The first step in the RL environment is to choose a benchmark task. CartPole-v1 (sparse reward signal, limited actions) is suitable when one wants to make and test prototypes quickly. Continuous control environments You can scale to continuous control environments using Gymnasium MuJoCo (such as HalfCheetah and Walker2D). Discrete environments You can scale to discrete environments using the Atari collection. Record information about the environment, including the dimensionality of the state, nature and the dimension of action space, the extent of rewards and the episode duration. LLM will receive these specifications to be able to make decisions according to the circumstance.
Step 2: Population Initialization with Diverse Hyperparameters - The objective is to begin with a population of N workers (typically N = 8 to train on a medium scale). All the workers are RL agents with their hyperparameters. In order to diversify the first population, sample hyper parameters within given ranges: the learning rates belong to the range [0.0001, 0.01], entropy coefficient belongs to the range [0.001, 0.01], the hidden layer sizes of the network belong to the range [32, 64, 128, 256], the exploration rate is applicable (if it exists) belongs to the range [0.05, 0.3]. A store worker metadata contains the ID of the worker, hyperparameters, his/her reward history and training status. Install RL agents by each worker with the help of the selected algorithm (PPO is the most suitable regarding stability) and provided hyperparameters. Provide all with a means of monitoring the metrics of each worker such as how many timesteps they have trained, the rate by which they improve with each timestep of training, and the episode rewards.
Step 3: Parallel Training Phase - Simultaneously train all the workers over a fixed number of timesteps, commonly between 5000 and 10,000 per training batch. Vectorized environments or asynchronous training can be used to ensure that every worker proceeds simultaneously. When training, monitor the metrics of individual workers, including the total rewards per episode, the average running reward (over the last N episodes) and the convergence trend (linear fit of the latest reward history). These metrics should be stored in format, such as in a structured form, such as in JSON, or CSV, or in a dictionary in memory with the worker ID as a key and a timestamp as a value.
The duration of the time taken between the stages of consultation in LLM should be at a balance between the cost of computing and the decision-making that is required. In the event where you check the LLM API calls too frequently (such as once every 1000 timesteps), it will also require more time to make adaptive decisions.

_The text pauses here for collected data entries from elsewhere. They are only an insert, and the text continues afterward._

(* For every $M,N\ge 0$, the poset of shuffles $W_{MN}$ is locally rank-symmetric: for every interval $[u,v]$ of $W_{MN}$ and every $r\ge 0$, the number of elements of $[u,v]$ of rank $\rho(u)+r$ equals the number of elements of $[u,v]$ of rank $\rho(v)-r$.
   Context: Let $\mathcal{A}=\{a_1,\dots,a_M\}$ and $\mathcal{X}=\{x_1,\dots,x_N\}$ be disjoint finite sets. A shuffle word is a word (possibly empty) with distinct letters from $\mathcal{A}\cup\mathcal{X}$ in which the letters from $\mathcal{A}$ appear in increasing order of subscripts and the letters from $\mathcal{X}$ appear in increasing order of subscripts. The poset of shuffles $W_{MN}$ is the set of shuffle words ordered by the reflexive-transitive closure of: $w$ is covered by $w'$ iff $w'$ is obtained from $w$ by deleting a letter of $\mathcal{A}$ or inserting a letter of $\mathcal{X}$. It is ranked with rank function $\rho(w)=(M-\#(\{w\}\cap\mathcal{A}))+\#(\{w\}\cap\mathcal{X})$, where $\{w\}$ is the set of letters of $w$. *)

From mathcomp Require Import all_boot.
Set Implicit Arguments. Unset Strict Implicit. Unset Printing Implicit Defensive.

Section Shuffles.
Variables M N : nat.

(* Letters: inl i is a_{i+1} (i < M), inr j is x_{j+1} (j < N). *)
Definition letter := ('I_M + 'I_N)%type.

Definition subA (l : letter) : option nat := if l is inl i then Some (val i) else None.
Definition subX (l : letter) : option nat := if l is inr j then Some (val j) else None.

Definition shuffle (w : seq letter) : bool :=
  [&& uniq w, sorted ltn (pmap subA w) & sorted ltn (pmap subX w)].

(* Words of length <= M + N (every shuffle word has this property),
   packed as a finite type. *)
Definition bword := {n : 'I_(M + N).+1 & n.-tuple letter}.
Definition bword_seq (t : bword) : seq letter := val (tagged t).

Definition W := {t : bword | shuffle (bword_seq t)}.
Definition word (w : W) : seq letter := bword_seq (val w).

(* w is covered by w' iff w' is obtained from w by deleting a letter of A
   or inserting a letter of X (letters are distinct, so deleting the letter
   l is rem l). *)
Definition covered (w w' : W) : bool :=
  [exists i : 'I_M, (inl i \in word w) && (word w' == rem (inl i) (word w))] ||
  [exists j : 'I_N, (inr j \in word w') && (word w == rem (inr j) (word w'))].

Definition shle (u v : W) : bool := connect covered u v.

Definition rho (w : W) : nat :=
  (M - count (fun l => subA l != None) (word w)) + count (fun l => subX l != None) (word w).

End Shuffles.

From mathcomp Require Import all_boot zify.
Set Implicit Arguments. Unset Strict Implicit. Unset Printing Implicit Defensive.

(* An element w of the interval [u, v] consists of the letters common to u and
   v, some of the A-letters of u missing from v and some of the X-letters of v
   missing from u, and it keeps the relative order of u and of v.  Scanning u,
   v and w from the left, [mirror] copies common letters and toggles each such
   A-letter and X-letter between present and absent, except that an A-letter
   followed in w by the next X-letter to be toggled is kept together with it.
   This is an involution of the interval sending rho(w) to
   rho(u) + rho(v) - rho(w), so it exchanges the elements of rank rho(u) + r
   with those of rank rho(v) - r. *)

Lemma mem_cons_notin (T : eqType) (l y : T) (s t : seq T) :
  l \notin t -> y \in t -> (y \in l :: s) = (y \in s).
Proof. by move=> lt yt; rewrite in_cons; case: eqP => // E; rewrite -E yt in lt. Qed.

Lemma prefix1 (T : eqType) (l y : T) (s : seq T) : prefix [:: l] (y :: s) = (l == y).
Proof. by rewrite prefix_cons prefix0s andbT. Qed.

Lemma notin_prefix (T : eqType) (l : T) (t s : seq T) :
  l \notin s -> prefix (l :: t) s = false.
Proof. by case: s => // y s; rewrite prefix_cons in_cons; case: eqP. Qed.

Lemma subseq_pmap (T U : eqType) (f : T -> option U) (r1 r2 : seq T) :
  subseq r1 r2 -> subseq (pmap f r1) (pmap f r2).
Proof.
case/subseqP=> m _ ->; elim: r2 m => [|y r2 IH] [|[] m] //=; rewrite ?sub0seq //.
all: case: (f y) => [z|] //=; rewrite ?eqxx ?IH //.
exact: subseq_trans (IH m) (subseq_cons _ z).
Qed.
(* Let $A=(a_{ij})_{i,j\in\mathbb{N}}\in\{0,1\}^{\mathbb{N}\times\mathbb{N}}$ be a binary matrix in which the row and column upper/lower asymptotic densities are separated, i.e., there exist reals $0\le\alpha<\beta\le1$ with $\bar d(\mathbf{r}^{(i)})\le\alpha$ and $\underline d(\mathbf{c}^{(j)})\ge\beta$ for all $i,j\in\mathbb{N}$. Then $A$ contains a fully lower-triangular submatrix.
   Context: For $\mathbf{a}=(a_k)_{k\in\mathbb{N}}\in\{0,1\}^{\mathbb{N}}$, $\bar d(\mathbf{a})=\limsup_{n\to\infty}\frac1n\sum_{k=1}^na_k$ and $\underline d(\mathbf{a})=\liminf_{n\to\infty}\frac1n\sum_{k=1}^na_k$. The $i$-th row of $A$ is $\mathbf{r}^{(i)}=(a_{ij})_{j\in\mathbb{N}}$ and the $j$-th column is $\mathbf{c}^{(j)}=(a_{ij})_{i\in\mathbb{N}}$. $A$ contains a fully lower-triangular submatrix if there exist sequences of distinct row indices $i_1,i_2,\ldots$ and distinct column indices $j_1,j_2,\ldots$ such that $a_{i_kj_l}=1\iff k\ge l$. *)

From mathcomp Require Import all_boot all_order all_algebra.
From mathcomp Require Import all_classical all_reals all_analysis.
Set Implicit Arguments. Unset Strict Implicit. Unset Printing Implicit Defensive.
Import Order.TTheory GRing.Theory Num.Theory.
Local Open Scope ring_scope.

(* Sequences indexed by nat = {0,1,2,...}; index k corresponds to the paper's k+1. *)
Definition avg {R : realType} (a : nat -> bool) : nat -> R :=
  fun n => (\sum_(k < n.+1) (a k : nat))%:R / n.+1%:R.

Definition upper_density {R : realType} (a : nat -> bool) : R := limn_sup (avg a).
Definition lower_density {R : realType} (a : nat -> bool) : R := limn_inf (avg a).

Definition rowseq (A : nat -> nat -> bool) (i : nat) : nat -> bool := fun j => A i j.
Definition colseq (A : nat -> nat -> bool) (j : nat) : nat -> bool := fun i => A i j.

Definition has_fully_lower_triangular (A : nat -> nat -> bool) : Prop :=
  exists (r c : nat -> nat), injective r /\ injective c /\
    forall k l : nat, A (r k) (c l) = (l <= k)%N.

(* Fix a nonprincipal ultrafilter U on nat; the U-limit [udens] of the counting
   densities is a finitely additive density.  The key lemma is a variant of
   Bergelson's intersectivity lemma: if every set E n has density at least del
   along U and del' < del, there is a set om of upper density at least del' such
   that, for every L, infinitely many m have the pattern (E 0 m, ..., E (L-1) m)
   equal to (om 0, ..., om (L-1)).

   Applied to the complements of the rows (density > 1 - alpha), it yields a set
   om of rows of positive upper density and columns col m avoiding every row of
   om below m.  Applied again, along an ultrafilter concentrated on the scales
   where om is dense, to the sets {i in om | A i (col m)}, whose density there
   is positive because that of om plus that of the columns exceeds 1, it yields
   an infinite set om' of indices and rows row q in om meeting col m for all
   m <= q in om'.  Picking q 0 < q 1 < ... in om' with row (q k) < q (k + 1),
   the rows row (q k) and the columns col (q l) form the fully lower-triangular submatrix. *)

From mathcomp Require Import all_boot all_order all_algebra.
From mathcomp Require Import all_classical all_reals all_analysis.
From mathcomp Require Import ring lra.
Import Order.TTheory GRing.Theory Num.Theory numFieldNormedType.Exports.
Local Open Scope ring_scope.
Local Open Scope classical_set_scope.

Section limn_sup_inf.
Context {R : realType}.
Implicit Types (u : R^nat) (g : R).

Lemma limn_sup_lt_near u g : bounded_fun u -> limn_sup u < g ->
  \forall n \near \oo, u n < g.
Proof.
move=> bu; rewrite limn_supE // => ug.
have [ubu lbu] := (bounded_fun_has_ubound bu, bounded_fun_has_lbound bu).
near=> n; apply: le_lt_trans (_ : sups u n < g).
  by apply: ub_le_sup; [exact: has_ubound_sdrop | exists n => /=].
by near: n; apply: cvgr_lt ug; exact: cvg_sups_inf.
Unshelve. all: end_near. Qed.

Lemma limn_inf_gt_near u g : bounded_fun u -> g < limn_inf u ->
  \forall n \near \oo, g < u n.
Proof.
move=> bu; rewrite limn_infE // => gu.
have [ubu lbu] := (bounded_fun_has_ubound bu, bounded_fun_has_lbound bu).
near=> n; apply: lt_le_trans (_ : g < infs u n) _.
  by near: n; apply: cvgr_gt gu; exact: cvg_infs_sup.
by apply: ge_inf; [exact: has_lbound_sdrop | exists n => /=].
Unshelve. all: end_near. Qed.

End limn_sup_inf.

Definition cnt (S : nat -> bool) (M : nat) : nat := count S (iota 0 M).
Definition dens {R : realType} (S : nat -> bool) (M : nat) : R := (cnt S M)%:R / M%:R.
Lemma is_ulim_scal a g L : is_ulim g L -> is_ulim (fun n => a * g n) (a * L).
Proof.
intros H eta Heta.
assert (Ha : 0 < Rabs a + 1) by (pose proof (Rabs_pos a); lra).
refine (ultra_mono HU _ _ (fun n Hn => _) (H (eta / (Rabs a + 1)) ltac:(apply Rdiv_lt_0_compat; lra))).
replace (a * g n - a * L) with (a * (g n - L)) by ring; rewrite Rabs_mult.
pose proof (Rabs_pos a); pose proof (Rabs_pos (g n - L)).
apply (Rle_lt_trans _ (Rabs a * (eta / (Rabs a + 1)))); [apply Rmult_le_compat_l; lra|].
apply (Rmult_lt_reg_r (Rabs a + 1)); [exact Ha|].
replace (Rabs a * (eta / (Rabs a + 1)) * (Rabs a + 1)) with (Rabs a * eta) by (field; lra); nra.
Qed.

Lemma is_ulim_bound g L C : is_ulim g L -> (forall n, Rabs (g n) <= C) -> Rabs L <= C.
Proof.
intros H HC; apply Rnot_lt_le; intros Hlt.
destruct (ultra_frequently _ O (H (Rabs L - C) ltac:(lra))) as [n [_ Hn]].
pose proof (Rabs_triang (g n) (L - g n)); replace (g n + (L - g n)) with L in H0 by ring.
rewrite Rabs_minus_sym in H0; specialize (HC n); lra.
Qed.

End UltraLimits.

(** * Banach-Saks properties *)

Section Steps.
Context {X : NormedSpace}.
Variables (U : (nat -> Prop) -> Prop) (HU : free_ultrafilter U).

Lemma dual_bounded_seq (f : X -> R) (u : nat -> X) M :
  in_dual f -> (forall n, vnorm (u n) <= M) -> exists C, forall n, Rabs (f (u n)) <= C.
Proof.
intros Hf Hu; destruct (dual_bound f Hf) as [K [HK0 HK]].
exists (K * M); intros n; eapply Rle_trans; [apply HK|].
apply Rmult_le_compat_l; [exact HK0|apply Hu].
Qed.

Definition difference_steps (u : nat -> X) N N' v : Prop :=
  exists a b, (N <= a)%nat /\ (a < b)%nat /\ N' = S b /\ v = vsub (u a) (u b).

Definition offset_steps (u : nat -> X) (x : X) N N' v : Prop :=
  exists n, (N <= n)%nat /\ N' = S n /\ v = vsub (u n) x.

(* Two indices beyond [N] lying in the same U-neighbourhood of the ultralimits
   of the finitely many functionals cutting out [E]. *)
Lemma difference_steps_approach (u : nat -> X) M :
  (forall n, vnorm (u n) <= M) -> steps_approach_subspaces (difference_steps u).
Proof.
intros Hu N E d HE Hd.
destruct (near_subspace_of_small_functionals E d HE Hd) as [m [f [eta [Heta [Hf Hnear]]]]].
assert (Hlim : forall i, exists L, is_ulim U (fun n => f i (u n)) L).
{ intros i; destruct (dual_bounded_seq (f i) u M (Hf i) Hu) as [C HC].
  exact (is_ulim_exists U HU _ C HC). }
destruct (choice _ Hlim) as [L HL].
assert (Hclose := ultra_forall_lt U HU (fun i n => Rabs (f i (u n) - L i) < eta / 2) m
  (fun i _ => HL i (eta / 2) ltac:(lra))).
destruct (ultra_frequently U HU _ N Hclose) as [a [Ha Hca]].
destruct (ultra_frequently U HU _ (S a) Hclose) as [b [Hb Hcb]].
destruct (Hnear (vsub (u a) (u b))) as [e [He Hve]].
{ intros i Hi; rewrite dual_sub by apply Hf.
  specialize (Hca i Hi); specialize (Hcb i Hi).
  pose proof (Rabs_triang (f i (u a) - L i) (L i - f i (u b))).
  rewrite (Rabs_minus_sym (L i)) in H.
  replace (f i (u a) - L i + (L i - f i (u b))) with (f i (u a) - f i (u b)) in H by ring.
  lra. }
exists (S b), (vsub (u a) (u b)), e; split; [|split; assumption].
exists a, b; repeat split; lia.
Qed.
Lemma cone_bigcup (I : finType) (S : I -> {set V}) :
  (forall i, cone (S i)) -> cone (\bigcup_i S i).
Proof.
move=> coneS; split=> [|c z c_nz /bigcupP [i _ zS]].
  by apply/bigcupP => -[i _]; apply/negP; case: (coneS i).
by apply/bigcupP; exists i => //; case: (coneS i) => _; apply.
Qed.

Lemma size_lines (S : {set V}) : cone S -> (size (lines S) * q.-1)%N = #|S|.
Proof.
case=> S0 SZ; rewrite cardE -(size_map (fun z => <[z]>%VS)).
apply: size_undup_uniform => _ /mapP [z0 z0S ->].
have z0_nz : z0 != 0 by apply: contraNneq S0 => <-; rewrite -mem_enum.
have -> : q.-1 = (q ^ \dim <[z0]> - q ^ \dim (0 : {vspace V}))%N.
  by rewrite dim_vline z0_nz dimv0 subn1.
rewrite count_map count_enum_set -card_vdiff ?sub0v //.
apply: eq_card => z; rewrite !inE memv0 /=.
apply/andP/andP => [[zS /eqP <-] | [z_nz /vlineP [c zE]]].
  by split; [apply: contraNneq S0 => <- | exact: memv_line].
have c_nz : c != 0 by apply: contraNneq z_nz => c0; rewrite zE c0 scale0r.
split; first by rewrite zE SZ // -mem_enum.
apply/eqP/dim1_vline => //; first by rewrite dim_vline z0_nz.
by rewrite zE memvZ ?memv_line.
Qed.

Lemma dimv_cap_nested (A B W : {vspace V}) : (B <= A)%VS ->
  (\dim (A :&: W) + \dim B <= \dim (B :&: W) + \dim A)%N.
Proof.
move=> BA; rewrite -dimv_sum_cap -capvA [(W :&: B)%VS]capvC capvA (capv_idPr BA).
by rewrite addnC leq_add2l dimvS // subv_add capvSl.
Qed.

Lemma dimv_cap_hyperplane (U H : {vspace V}) : \dim H = v.-1 ->
  (\dim U <= (\dim (U :&: H)).+1)%N.
Proof.
move=> dH; have := dimv_cap_nested U (subvf H); rewrite capfv capvC dH dim_rV.
by have := dimvS (subvf U); rewrite dim_rV; lia.
Qed.

Lemma qint_cap_hyperplane (U H : {vspace V}) k : \dim H = v.-1 -> \dim U = k.+1 ->
  qint q (\dim (U :&: H)) = qint q k %[mod q ^ k].
Proof.
move=> dH dU; have := dimv_cap_hyperplane U dH; have := dimvS (capvSl U H).
rewrite dU; set d := \dim _ => d_le d_ge.
have [->|->] : d = k \/ d = k.+1 by lia.
  by [].
by rewrite qintS modnDr.
Qed.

When you set them too far apart (such as 50,000 timesteps between them), then you will take longer to adaptively make decisions. We would recommend that you pick the duration of your intervals time, depending on the amount of money you need to use on computing, as well as the difficulty of the task. CartPole is being run with intervals of 5000 timesteps and tasks with large processing power requirements such as complex Atari games with intervals of 10,000–20,000 timesteps.
Step 4: Performance Metric Collection and Formatting - Calculate summary statistics of each worker after every trainee batch. These are the highest rewards they have achieved to date, the average reward in the past 10 episodes and the convergence rate (how much their reward increases with each 1000 timesteps). Enter this data into a prompted form to be given to LLM. It should have included: (1) Environment metadata (state/action space dimensions, task name), (2) a summary of each worker performance (worker ID, current best reward, recent average reward, convergence trend), (3) training progress (total timesteps elapsed, percentage of target timesteps completed) and (4) a clear question: “Analyze this population performance. Which employees are worth retaining and which ones are worth dropping? What are the recommended changes in the hyperparameters of new workers?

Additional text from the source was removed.